:: INPUT MATERIAL ::
Lemma embed_unique (y : R) :
  (forall q, ratr q < x -> ratr q <= y) -> (forall q, x < ratr q -> y <= ratr q) ->
  y = embed x.
Proof.
move=> below above; apply/eqP; rewrite eq_le; apply/andP; split.
  rewrite leNgt; apply/negP => /rat_in_itvoo [q]; rewrite in_itv /= => /andP [q_gt q_lt].
  by have := above q (embed_lt_rat _ q_gt); rewrite leNgt q_lt.
rewrite leNgt; apply/negP => /rat_in_itvoo [q]; rewrite in_itv /= => /andP [q_gt q_lt].
by have := below q (rat_lt_embed _ q_lt); rewrite leNgt q_gt.
Qed.

Lemma rat_above_near {e : R} : 0 < e ->
  exists q, embed x < ratr q < embed x + e /\ x < ratr q.
Proof.
move=> e_gt0; have /rat_in_itvoo [q] : embed x < embed x + e by lra.
by rewrite in_itv /= => /andP [q_gt q_lt]; exists q; rewrite q_gt q_lt (embed_lt_rat _ q_gt).
Qed.

Lemma rat_below_near {e : R} : 0 < e ->
  exists q, embed x - e < ratr q < embed x /\ ratr q < x.
Proof.
move=> e_gt0; have /rat_in_itvoo [q] : embed x - e < embed x by lra.
by rewrite in_itv /= => /andP [q_gt q_lt]; exists q; rewrite q_gt q_lt (rat_lt_embed _ q_lt).
Qed.

End RationalBounds.
Arguments embed_ge_rat {x}. Arguments embed_le_rat {x}. Arguments rat_lt_embed {x}.
Arguments embed_lt_rat {x}. Arguments embed_unique {x}.
Arguments rat_above_near {x} _ {e}. Arguments rat_below_near {x} _ {e}.

Lemma embed_rat q : embed (ratr q) = ratr q.
Proof.
symmetry; apply: embed_unique; first exact: rpred_rat.
  by move=> r; rewrite ltr_ratFR => /ltW.
by move=> r; rewrite ltr_ratFR => /ltW.
Qed.

Lemma embed0 : embed 0 = 0.
Proof. by have := embed_rat 0; rewrite !rmorph0. Qed.

Lemma embed1 : embed 1 = 1.
Proof. by have := embed_rat 1; rewrite !rmorph1. Qed.

Lemma embedD {x y} : x \is Num.real -> y \is Num.real -> embed (x + y) = embed x + embed y.
Proof.
move=> x_real y_real; symmetry; apply: embed_unique; first exact: rpredD.
- move=> q q_lt; rewrite leNgt; apply/negP => lt_q.
  have e_gt0 : 0 < (ratr q - embed x - embed y) / 2 by lra.
  have [u [/andP [_ u_lt] x_lt]] := rat_above_near x_real e_gt0.
  have [v [/andP [_ v_lt] y_lt]] := rat_above_near y_real e_gt0.
  have : (ratr (u + v) : R) < ratr q by rewrite rmorphD /=; lra.
  rewrite -ltr_ratFR rmorphD /= => uv_lt.
  by have := lt_trans (lt_trans q_lt (ltrD x_lt y_lt)) uv_lt; rewrite ltxx.
- move=> q lt_q; rewrite leNgt; apply/negP => q_lt.
  have e_gt0 : 0 < (embed x + embed y - ratr q) / 2 by lra.
  have [u [/andP [u_gt _] u_lt]] := rat_below_near x_real e_gt0.
  have [v [/andP [v_gt _] v_lt]] := rat_below_near y_real e_gt0.
  have : (ratr q : R) < ratr (u + v) by rewrite rmorphD /=; lra.
  rewrite -ltr_ratFR rmorphD /= => lt_uv.
  by have := lt_trans (lt_trans lt_uv (ltrD u_lt v_lt)) lt_q; rewrite ltxx.
Qed.

Lemma embedN {x} : x \is Num.real -> embed (- x) = - embed x.
Proof.
move=> x_real; apply/eqP; rewrite -subr_eq0 opprK addrC.
by rewrite -embedD ?rpredN // subrr embed0.
Qed.

Lemma embedB {x y} : x \is Num.real -> y \is Num.real -> embed (x - y) = embed x - embed y.
Proof. by move=> x_real y_real; rewrite embedD ?rpredN // embedN. Qed.

Lemma embed_ge0 {x} : 0 <= x -> 0 <= embed x.
Proof. by move=> x_ge0; have := embed_ge_rat (ger0_real x_ge0) 0; rewrite !rmorph0; apply. Qed.

(* A positive x lies above the positive rational 1 / (floor (1 / x) + 1). *)
Lemma embed_gt0 {x} : 0 < x -> 0 < embed x.
Proof.
move=> x_gt0; have x_real := gtr0_real x_gt0.
have inv_real : x^-1 \is Num.real by rewrite rpredV.
have /andP [_ lt_floor] := real_floor_itv inv_real.
set m := Num.floor x^-1 + 1.
have m_gt0 : (0 : F) < m%:~R by apply: lt_trans lt_floor; rewrite invr_gt0.
have m_gt0' : 0 < m by rewrite -(ltr_int F).
have inv_m_lt : (ratr (m%:~R)^-1 : F) < x.
  by rewrite fmorphV rmorph_int -(invrK x) ltf_pV2 // ?posrE ?invr_gt0.
apply: lt_le_trans (embed_ge_rat x_real _ (ltW inv_m_lt)).
by rewrite ltr0q invr_gt0 ltr0z.
Qed.

Lemma embed_lt {x y} : x \is Num.real -> y \is Num.real -> x < y -> embed x < embed y.
Proof.
by move=> x_real y_real x_lt_y; rewrite -subr_gt0 -embedB // embed_gt0 // subr_gt0.
Qed.

Lemma embed_ltE {x y} : x \is Num.real -> y \is Num.real -> (embed x < embed y) = (x < y).
Proof.
move=> x_real y_real; apply/idP/idP; last exact: embed_lt.
apply: contraTT; rewrite -!real_leNgt ?num_real //.
rewrite le_eqVlt => /orP [/eqP -> // | /(embed_lt y_real x_real) /ltW //].
Qed.

Lemma embed_leE {x y} : x \is Num.real -> y \is Num.real -> (embed x <= embed y) = (x <= y).
Proof. by move=> x_real y_real; rewrite !real_leNgt ?num_real // embed_ltE. Qed.

Lemma embed_inj {x y} : x \is Num.real -> y \is Num.real -> embed x = embed y -> x = y.
Proof.
move=> x_real y_real xy; apply/eqP; rewrite eq_le -!embed_leE //.
by rewrite xy lexx.
Qed.

Lemma common_pos_bound {a b c : R} : 0 < a -> 0 < b -> 0 < c ->
  exists e : R, [/\ 0 < e, e < a, e < b & e < c].
Proof.
move=> a_gt0 b_gt0 c_gt0; set m := Num.min a (Num.min b c).
have m_gt0 : 0 < m by rewrite !lt_min a_gt0 b_gt0 c_gt0.
have [ma mb mc] : [/\ m <= a, m <= b & m <= c] by rewrite !ge_min !lexx !orbT.
by exists (m / 2); split; lra.
Qed.

(* Multiplicativity on nonnegative elements, by approximating x and y by
   rationals from above and from below; the approximation error of the
   product is at most e (embed x + embed y + e). *)
Section NonnegProduct.
Variables x y : F.
Hypotheses (x_ge0 : 0 <= x) (y_ge0 : 0 <= y).
Let x_real := ger0_real x_ge0.
Let y_real := ger0_real y_ge0.

Lemma rat_below_product q : ratr q < x * y -> ratr q <= embed x * embed y.
Proof.
move=> q_lt; rewrite leNgt; apply/negP => lt_q.
have ex_ge0 : 0 <= embed x :> R by exact: embed_ge0.
have ey_ge0 : 0 <= embed y :> R by exact: embed_ge0.
set d := ratr q - embed x * embed y.
have d_gt0 : 0 < d by rewrite /d; lra.
have ratio_gt0 : 0 < d / (embed x + embed y + 1) by rewrite divr_gt0 //; lra.
have [e [e_gt0 e_lt1 _ e_small]] := common_pos_bound ltr01 ltr01 ratio_gt0.
have err_lt : e * (embed x + embed y + 1) < d by rewrite -ltr_pdivlMr //; lra.
have [u [/andP [u_gt u_lt] x_lt]] := rat_above_near x_real e_gt0.
have [v [/andP [v_gt v_lt] y_lt]] := rat_above_near y_real e_gt0.
have : (ratr (u * v) : R) < ratr q.
  have : ratr u * ratr v <= (embed x + e) * (embed y + e) :> R by apply: ler_pM; lra.
  rewrite rmorphM /= /d in err_lt *; nra.
rewrite -ltr_ratFR rmorphM /= => uv_lt.
by have := lt_trans (lt_trans q_lt (ltr_pM x_ge0 y_ge0 x_lt y_lt)) uv_lt; rewrite ltxx.
Qed.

:: WORK ITEM ::
Everything from the line with "move=> a_gt0 b_gt0" through the last line of the material above should be echoed exactly, and nothing else.

:: REPLY TO THE TASK ::
move=> a_gt0 b_gt0 c_gt0; set m := Num.min a (Num.min b c).
have m_gt0 : 0 < m by rewrite !lt_min a_gt0 b_gt0 c_gt0.
have [ma mb mc] : [/\ m <= a, m <= b & m <= c] by rewrite !ge_min !lexx !orbT.
by exists (m / 2); split; lra.
Qed.

(* Multiplicativity on nonnegative elements, by approximating x and y by
   rationals from above and from below; the approximation error of the
   product is at most e (embed x + embed y + e). *)
Section NonnegProduct.
Variables x y : F.
Hypotheses (x_ge0 : 0 <= x) (y_ge0 : 0 <= y).
Let x_real := ger0_real x_ge0.
Let y_real := ger0_real y_ge0.

Lemma rat_below_product q : ratr q < x * y -> ratr q <= embed x * embed y.
Proof.
move=> q_lt; rewrite leNgt; apply/negP => lt_q.
have ex_ge0 : 0 <= embed x :> R by exact: embed_ge0.
have ey_ge0 : 0 <= embed y :> R by exact: embed_ge0.
set d := ratr q - embed x * embed y.
have d_gt0 : 0 < d by rewrite /d; lra.
have ratio_gt0 : 0 < d / (embed x + embed y + 1) by rewrite divr_gt0 //; lra.
have [e [e_gt0 e_lt1 _ e_small]] := common_pos_bound ltr01 ltr01 ratio_gt0.
have err_lt : e * (embed x + embed y + 1) < d by rewrite -ltr_pdivlMr //; lra.
have [u [/andP [u_gt u_lt] x_lt]] := rat_above_near x_real e_gt0.
have [v [/andP [v_gt v_lt] y_lt]] := rat_above_near y_real e_gt0.
have : (ratr (u * v) : R) < ratr q.
  have : ratr u * ratr v <= (embed x + e) * (embed y + e) :> R by apply: ler_pM; lra.
  rewrite rmorphM /= /d in err_lt *; nra.
rewrite -ltr_ratFR rmorphM /= => uv_lt.
by have := lt_trans (lt_trans q_lt (ltr_pM x_ge0 y_ge0 x_lt y_lt)) uv_lt; rewrite ltxx.
Qed.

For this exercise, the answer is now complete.